Nel corso dell’operazione, che ha visto sul campo l’impiego dei Carabinieri del Nucleo Operativo e Radiomobile della Compagnia reggina e della Stazione Carabinieri di Rosario Valanidi e Cardeto con il supporto dei militari della Compagnia di Intervento Operativo del 12* Battaglione Sicilia e delle unità cinofile per la ricerca di droga del Nucleo Carabinieri Cinofili di Vibo Valentia, sono stati effettuati controlli di persone e veicoli e numerose perquisizioni domiciliari. In particolare i militari del Nucleo Operativo e Radiomobile, al termine di una articolata attività investigativa sono riusciti  ad individuare un’abitazione nella quale era stato realizzato un laboratorio per la coltivazione di cannabis indica. 

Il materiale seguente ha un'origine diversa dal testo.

Lemma deriv_prod_XsubC_neq0 r : r \in s -> P^`().[r] != 0.
Proof.
move=> rs; rewrite deriv_prod_XsubC_root // divp_prod_XsubC // -/(root _ r).
by rewrite root_prod_XsubC mem_rem_uniqF.
Qed.

Lemma lagrange_interpolation (g : {poly R}) : (size g <= size s)%N ->
  \sum_(r <- s) (g.[r] / P^`().[r]) *: (P %/ ('X - r%:P)) = g.
Proof.
move=> size_g; apply/eqP; rewrite -subr_eq0; apply/eqP.
apply: (roots_geq_poly_eq0 (rs := s)) => //.
  apply/allP => t ts; rewrite /root hornerD hornerN horner_sum (bigD1_seq t) //=.
  rewrite [X in _ + X - _]big_seq_cond [X in _ + X - _]big1 => [|r /andP[rs r_t]];
    last first.
    by rewrite hornerZ horner_divp_prod_XsubC 1?eq_sym ?mulr0.
  rewrite hornerZ -deriv_prod_XsubC_root // mulfVK ?deriv_prod_XsubC_neq0 //.
  by rewrite addr0 subrr.
rewrite (leq_trans (size_polyD _ _)) // geq_max size_polyN size_g andbT.
rewrite big_seq; apply: (big_ind (fun q : {poly R} => size q <= size s)%N).
- by rewrite size_poly0.
- by move=> q q' sq sq'; rewrite (leq_trans (size_polyD _ _)) // geq_max sq sq'.
- by move=> r rs; rewrite (leq_trans (size_scale_leq _ _)) ?size_divp_prod_XsubC.
Qed.

End LagrangeInterpolation.

Lemma xpos_inj n : injective (@xpos n).
Proof. by move=> i j /(congr1 val) /= ij; apply: ord_inj; lia. Qed.

Lemma ypos_inj n : injective (@ypos n).
Proof. by move=> i j /(congr1 val) /= ij; apply: ord_inj; lia. Qed.

Lemma xpos_neq_ypos n (i j : 'I_n) : xpos i != ypos j.
Proof. by rewrite -val_eqE /=; apply/eqP; lia. Qed.

Lemma isM_map0 p n (L : finFieldType) (f : {poly 'F_p}) (lam : L)
    (M : L * L -> 'rV['F_p]_(2 * n)) :
  isM f lam M -> M 0 = 0.
Proof.
case=> M_lin _ _; have := M_lin 1 0 0; rewrite /scl /= !mulr0 addr0 scale1r.
by move/esym; rewrite -[X in _ = X]add0r => /addIr.
Qed.

Section SymplecticModel.
Variables (p n : nat) (L : finFieldType) (f : {poly 'F_p}) (lam : L) (s : seq L).
Hypotheses (p_pr : prime p) (pcharL : p \in [pchar L]) (cardL : #|L| = (p ^ n)%N).
Hypotheses (size_f : size f = n.+1) (f_irr : irreducible_poly f).
Hypotheses (s_uniq : uniq s) (size_s : size s = n).
Hypotheses (fL_roots : fL L f = \prod_(r <- s) ('X - r%:P)) (f_lam : root (fL L f) lam).

Local Notation phi := (@fp2L p L).
Local Notation Tr := (Tr n f lam).
Local Notation fd r := ((fL L f)^`()).[r].
Implicit Type M : L * L -> 'rV['F_p]_(2 * n).

HB.instance Definition _ :=
  GRing.isZmodMorphism.Build _ _ phi (fp2L_is_zmod_morphism p_pr pcharL).
HB.instance Definition _ :=
  GRing.isMonoidMorphism.Build _ _ phi (fp2L_is_monoid_morphism p_pr pcharL).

I militari, dopo alcuni appostamenti, hannno deciso di fare irruzione trovando 16 piante di cannabis della lunghezza variabile da 100 a 150 centimetri, 160 grammi di marijuana già pronta per il confezionamento. (Oltre alla sostanza stupefacente i militari hanno trovato un vero e proprio laboratorio provvisto di lampade, sistema di riscaldamento ed areazione, due bilancini di precisione. Con l’accusa di  coltivazione finalizzata allo spaccio di sostanze stupefacenti è stato arrestato Walter Vetrucci, quarantaduenne di Reggio Calabria, già noto negli ambienti investigatici. Nello stesso contesto i carabinieri di Rosario Valanidi e Cardeto, al termine di un controllo del territorio pedemontano di Reggio Calabria hanno denunciato S.P., trentottenne di Reggio Calabria a, casa del quale, tra armi legalmente detenute,c'era e un proiettile calibro 9 parabellum, in dotazione alle forze armate e di polizia, oltre ad una cartuccia a palla unica modello Remington. 

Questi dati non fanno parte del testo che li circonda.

(* Let $p$ be a prime, $q=p^r$, and let $l$ be an integer with $1\le l\le 2r-1$. If there is a power of two which divides $r$ but does not divide $l$, then every root of the equation $X^{1+p^l}+1=0$ in $\mathrm{GF}(q^2)$ lies in $\mathrm{GF}(q)$; equivalently, $\alpha^{1+p^l}+\beta^{1+p^l}\neq0$ for every basis $\{\alpha,\beta\}$ of $\mathrm{GF}(q^2)$ over $\mathrm{GF}(q)$. *)

From HB Require Import structures.
From mathcomp Require Import all_boot all_order all_algebra all_field.
Set Implicit Arguments. Unset Strict Implicit. Unset Printing Implicit Defensive.
Import GRing.Theory.
Local Open Scope ring_scope.

Definition in_GFq (F : finFieldType) (q : nat) (x : F) : bool := x ^+ q == x.

(* {a, b} is a basis of F over GF(q) (F of order q^2): a and b are linearly
   independent over GF(q) (two independent vectors in a 2-dimensional space). *)
Definition GFq_basis (F : finFieldType) (q : nat) (a b : F) : Prop :=
  forall c d : F, in_GFq q c -> in_GFq q d -> c * a + d * b = 0 -> c = 0 /\ d = 0.

From HB Require Import structures.
From mathcomp Require Import all_boot all_order all_algebra all_field.
Set Implicit Arguments. Unset Strict Implicit. Unset Printing Implicit Defensive.
Import GRing.Theory.
Local Open Scope ring_scope.

(* A root x of X^(1+p^l) + 1 satisfies x^(p^l) = -1/x, so it is fixed by the
   p^(2l)-power Frobenius; being in GF(p^(2r)), it is also fixed by the
   p^(2r)-power one, hence by the p^(2 gcd(l,r))-power one.  The 2-adic
   hypothesis says exactly that 2 gcd(l,r) divides r, so x is in GF(p^r).
   For a basis {a, b} with a^(1+p^l) + b^(1+p^l) = 0, the ratio a/b would be
   such a root, making a and b dependent over GF(p^r). *)

Lemma dvdn_double_gcd (l r k : nat) :
  (2 ^ k %| r)%N -> ~~ (2 ^ k %| l)%N -> (2 * gcdn l r %| r)%N.
Proof.
move=> k_dvd_r k_ndvd_l.
have l_gt0 : (0 < l)%N by rewrite lt0n; apply: contraNneq k_ndvd_l => ->.
have g_gt0 : (0 < gcdn l r)%N by rewrite gcdn_gt0 l_gt0.
have r_eq : r = (gcdn l r * (r %/ gcdn l r))%N by rewrite mulnC divnK // dvdn_gcdr.
rewrite [X in (_ %| X)%N]r_eq (mulnC 2) dvdn_pmul2l // dvdn2.
apply: contra k_ndvd_l => odd_quot.
apply: dvdn_trans (dvdn_gcdl l r).
have coprime_quot : coprime (2 ^ k) (r %/ gcdn l r) by rewrite coprimeXl // coprime2n odd_quot.
by rewrite -(Gauss_dvdr _ coprime_quot) mulnC -r_eq.
Qed.

Section IteratedPowerFixpoints.
Variables (R : pzSemiRingType) (e : nat).

Lemma expr_expnM_fixed (x : R) m t :
  x ^+ (e ^ m) = x -> x ^+ (e ^ (m * t)) = x.
Proof.
move=> fix_m; elim: t => [|t IHt]; first by rewrite muln0 expn0 expr1.
by rewrite mulnS expnD exprM fix_m IHt.
Qed.

Lemma expr_expn_gcd_fixed (x : R) m n :
  x ^+ (e ^ m) = x -> x ^+ (e ^ n) = x -> x ^+ (e ^ gcdn m n) = x.
Proof.
case: (posnP m) => [-> _ fix_n | m_gt0 fix_m fix_n]; first by rewrite gcd0n.
case: (egcdnP n m_gt0) => u v bezout _.
have := expr_expnM_fixed u fix_m.
by rewrite mulnC bezout expnD exprM mulnC (expr_expnM_fixed v fix_n).
Qed.

End IteratedPowerFixpoints.

Lemma GFq_basis_neq0r (F : finFieldType) (q : nat) (a b : F) :
  (0 < q)%N -> GFq_basis q a b -> b != 0.
Proof.
move=> q_gt0 basis_ab; apply/eqP => b0.
have in0 : in_GFq q (0 : F) by rewrite /in_GFq expr0n eqn0Ngt q_gt0.
have in1 : in_GFq q (1 : F) by rewrite /in_GFq expr1n.
have trivial_comb : 0 * a + 1 * b = 0 by rewrite b0 mul0r mulr0 addr0.
by have [_ /eqP] := basis_ab 0 1 in0 in1 trivial_comb; rewrite oner_eq0.
Qed.

Lemma GFq_basis_ratioN (F : finFieldType) (q : nat) (a b : F) :
  GFq_basis q a b -> b != 0 -> ~~ in_GFq q (- (a / b)).
Proof.
move=> basis_ab b_neq0; apply/negP => in_ratio.
have in1 : in_GFq q (1 : F) by rewrite /in_GFq expr1n.
have dependence : 1 * a + - (a / b) * b = 0 by rewrite mul1r mulNr divfK // subrr.
by have [/eqP] := basis_ab 1 _ in1 in_ratio dependence; rewrite oner_eq0.
Qed.

Section FrobeniusCharP.
Variables (F : finFieldType) (p : nat).
Hypothesis pcharFp : p \in [pchar F].

Lemma exprN_expn (x : F) n : (- x) ^+ (p ^ n) = - x ^+ (p ^ n).
Proof. by apply: exprNn_pchar; rewrite pnatX (pnatE _ (pcharf_prime pcharFp)) pcharFp. Qed.

Lemma in_GFqN (x : F) n : in_GFq (p ^ n) (- x) = in_GFq (p ^ n) x.
Proof. by rewrite /in_GFq exprN_expn eqr_opp. Qed.

Lemma expr_expn_double_fixed (x : F) l :
  x ^+ (1 + p ^ l) = -1 -> x ^+ (p ^ (2 * l)) = x.
Proof.
move=> root_x.
have x_neq0 : x != 0.
  by apply: contra_eq_neq root_x => ->; rewrite expr0n /= eq_sym oppr_eq0 oner_neq0.
have frob_x : x ^+ (p ^ l) = - x^-1.
  by apply: (mulfI x_neq0); rewrite -exprS root_x mulrN mulfV.
by rewrite mul2n -addnn expnD exprM frob_x exprN_expn exprVn frob_x invrN invrK opprK.
Qed.

Lemma root_in_GFq (r l k : nat) (x : F) :
  #|F| = ((p ^ r) ^ 2)%N -> (2 ^ k %| r)%N -> ~~ (2 ^ k %| l)%N ->
  x ^+ (1 + p ^ l) = -1 -> in_GFq (p ^ r) x.
Proof.
move=> cardF k_dvd_r k_ndvd_l root_x.
have fix_2r : x ^+ (p ^ (2 * r)) = x by rewrite mulnC expnM -cardF expf_card.
have fix_gcd : x ^+ (p ^ (2 * gcdn l r)) = x.
  by rewrite muln_gcdr; exact: expr_expn_gcd_fixed (expr_expn_double_fixed root_x) fix_2r.
have [t ->] := dvdnP (dvdn_double_gcd k_dvd_r k_ndvd_l).
by rewrite /in_GFq mulnC (expr_expnM_fixed t fix_gcd).
Qed.

End FrobeniusCharP.

Theorem proposition6 (F : finFieldType) (p r l : nat) :
  prime p -> p \in [pchar F] -> #|F| = ((p ^ r) ^ 2)%N ->
  (1 <= l <= (2 * r).-1)%N ->
  (exists k : nat, (2 ^ k %| r)%N /\ ~~ (2 ^ k %| l)%N) ->
  (forall x : F, x ^+ (1 + p ^ l) + 1 = 0 -> in_GFq (p ^ r) x) /\
  (forall a b : F, GFq_basis (p ^ r) a b -> a ^+ (1 + p ^ l) + b ^+ (1 + p ^ l) != 0).
Proof.
move=> p_prime pcharFp cardF _ [k [k_dvd_r k_ndvd_l]].
have roots_in_GFq (x : F) : x ^+ (1 + p ^ l) + 1 = 0 -> in_GFq (p ^ r) x.
  by move/eqP; rewrite addr_eq0 => /eqP /(root_in_GFq pcharFp cardF k_dvd_r k_ndvd_l).
split=> // a b basis_ab; apply/negP; rewrite addr_eq0 => /eqP sum0.
have q_gt0 : (0 < p ^ r)%N by rewrite expn_gt0 prime_gt0.
have b_neq0 := GFq_basis_neq0r q_gt0 basis_ab.
have root_ratio : (a / b) ^+ (1 + p ^ l) + 1 = 0.
  by rewrite expr_div_n sum0 mulNr mulfV ?expf_neq0 // addNr.
have := GFq_basis_ratioN basis_ab b_neq0.
by rewrite (in_GFqN pcharFp) (roots_in_GFq _ root_ratio).
Qed.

Per questo motivo è stato denunciato in stato di libertà per il reato di detenzione illegale di munizionamento da guerra e detenzione abusiva di munizioni. All’uomo sono stateoritirate anche le numerose armi che deteneva legalmente. Nel corso delle perquisizioni in alcuni casolari abbandonati è stato rinvenuto un vero arsenale costituito da centinaia di cartucce di ogni calibro e ben 6 chilogrammi di polvere da sparo. Il materiale sottopoto a sequestro sarà sottoposto ad accertamenti tecnico-balistici.